An astonishing event occurred in the United Nations this month: the government of Serbia made a complete reversal of its policy toward Kosovo. Ever since Kosovo’s declaration of independence in 2008, the Serbian government has maintained that it will never recognize the right of its former province to secede, but will fight through diplomacy and through the United Nations to get it back. And it continued to maintain that position even after the International Court of Justice in the Hague ruled in July that there is nothing in international law that prohibits Kosovo from declaring independence. Now, to the surprise of everyone—including me—the Serbian government has agreed to hold compromise talks with Kosovo.

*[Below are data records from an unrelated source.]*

Lemma cube_reduction :
  heq (tpow s 3)
      (tadd (ta ** s ** s) (tadd (tb ** s) (tadd tc (tadd (td ** si) (te ** si ** si))))).
Proof.
  change (ls ^ 3 == a * (ls * ls) + (b * ls + (c + (d * lsi + e * (lsi * lsi))))).
  pose proof ls_lsi; pose proof quintic_ls; cbn [lpow] in *.
  transitivity (ls*ls*ls*ls*ls * lsi * lsi); [ring [ls_lsi] | ring [quintic_ls ls_lsi]].
Qed.

Lemma inverse_quintic : heq (tpow si 5) (quintic_inv_rhs si).
Proof.
  change (lsi ^ 5 == (- (ei * d)) * lsi ^ 4 + ((- (ei * c)) * lsi ^ 3
                     + ((- (ei * b)) * lsi ^ 2 + ((- (ei * a)) * lsi + ei)))).
  pose proof ls_lsi; pose proof e_ei; pose proof quintic_ls; cbn [lpow] in *.
  transitivity (ei * (lsi*lsi*lsi*lsi*lsi)
                * (ls*ls*ls*ls*ls - a*ls*ls*ls*ls - b*ls*ls*ls - c*ls*ls - d*ls)).
  - ring [e_ei quintic_ls].
  - ring [ls_lsi].
Qed.

End LaurentRing.

(* Word identities carry a tail [t] so that they rewrite inside right-associated products. *)
Lemma heq_mulK x y : heq (x ** y) tone -> forall t, heq (x ** y ** t) t.
Proof. intros H t. rewrite heq_mulA, H. apply heq_mul1l. Qed.

Lemma s1_s1i t : heq (ts1 ** ts1i ** t) t.
Proof. exact (heq_mulK _ _ heq_s1inv_r t). Qed.

Lemma s1i_s1 t : heq (ts1i ** ts1 ** t) t.
Proof. exact (heq_mulK _ _ heq_s1inv_l t). Qed.

Lemma s2_s2i t : heq (ts2 ** ts2i ** t) t.
Proof. exact (heq_mulK _ _ heq_s2inv_r t). Qed.

Lemma s2i_s2 t : heq (ts2i ** ts2 ** t) t.
Proof. exact (heq_mulK _ _ heq_s2inv_l t). Qed.

Lemma braid t : heq (ts1 ** ts2 ** ts1 ** t) (ts2 ** ts1 ** ts2 ** t).
Proof.
  rewrite (heq_mulA ts2 ts1 t), (heq_mulA ts1 (ts2 ** ts1) t), heq_braid.
  rewrite <- heq_mulA, <- (heq_mulA ts1 ts2 t). reflexivity.
Qed.

Lemma conj_iter g gi k ki h h' :
  (forall t, heq (gi ** g ** t) t) -> (forall t, heq (k ** ki ** t) t) ->
  (forall t, heq (g ** h ** gi ** t) (ki ** h' ** k ** t)) ->
  forall n t, heq (g ** Nat.iter (S n) (tmul h) (gi ** t))
                  (ki ** Nat.iter (S n) (tmul h') (k ** t)).
Proof.
  intros Hg Hk Hconj n; induction n as [|n IHn]; intro t; [apply Hconj|].
  change (heq (g ** h ** Nat.iter (S n) (tmul h) (gi ** t))
              (ki ** h' ** Nat.iter (S n) (tmul h') (k ** t))).
  rewrite <- (Hg (Nat.iter (S n) (tmul h) (gi ** t))), Hconj, IHn, Hk.
  reflexivity.
Qed.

Despite the setback of the Hague Court opinion, which appeared to foreclose any possibility of continuing to argue that Kosovo’s declaration of independence was illegal, the Serbian government had initially announced that it was going back to the United Nations with a new resolution to defy the decision of the International Court of Justice and state once again Serbia’s position that a unilateral declaration of independence is an unacceptable way to solve territorial questions.
As could be expected, the supporters of Kosovo’s independence were exasperated. The foreign ministers of Germany and United Kingdom came to Belgrade to explain to the government there that this was a futile policy, that sooner or later they would have to sit down and have a serious talk with Kosovo Albanians regarding the status of the majority Serbs living in northern Kosovo, the Serbian Orthodox monasteries scattered in isolated enclaves elsewhere in the breakaway province, and scores of other problems bordering states are bound to have. But then—and here was the surprise—the government of Serbian President Boris Tadić agreed to introduce a compromise resolution calling for talks with Pristina, without bringing up the question of its legitimacy as a state. It praised the readiness of the European Union to ease the process of dialogue between the two sides and underlined that such talks would in themselves lead to peace, security and stability in the region.
Serbian nationalists were caught off guard and said what one expected them to say: This was a historical betrayal perpetuated by a puppet government serving the interests of Washington and Brussels, which has now placed the country in the position of a vassal by agreeing to the creation of a secessionist state on sacred Serbian soil. Since when has it become okay, they demanded to know, for ethnic groups and regions to secede with the help of foreign armies and bombers? Who gave the right to these international hypocrites, like the Americans, who are still committing crimes the world over, or like the Germans who were slaughtering millions a few decades ago, to pass judgment on Serbia and Kosovo and arbitrate their dispute? And so forth. In the meantime, the government in Belgrade kept maintaining that it has no intention of officially recognizing Kosovo, and I don’t believe that the European Union will insist it does, since the EU knows that such a move would be political suicide for any Serbian government in the foreseeable future.
Still, what made this coalition government, which has plenty of hard-line nationalists in its ranks, including its usually inflexible foreign minister, Vuk Jeremić, compromise? (In a recent interview, Jeremić said that “Kosovo is our Jerusalem.”) As many observers have long noted, one of the peculiarities of Serbian politicians is that they are rarely persuaded by appeals to reason. They take great pleasure in being inflexible and will proudly point to instances in their history when in defense of their rights they refused to yield even to overwhelming power. This is ordinarily an admirable characteristic in a people, but not when it comes to a cause that was lost decades ago.
Did reason prevail, and the recognition that the current Kosovo policy hurts long term Serbian interests? I have no idea. It must have been made very clear to the Serbs that if they continued to take every opportunity to make a nuisance of themselves, their chance of joining the European Union would be zero. Of course, that would have been perfectly fine with the nationalists who are happiest when Serbia is isolated and hated by the West, but not with others who remember the policies pursued by Milosevic, which led to pointless conflicts with neighbors and so many self-inflicted and catastrophic defeats for which Serbs have no one but themselves to blame.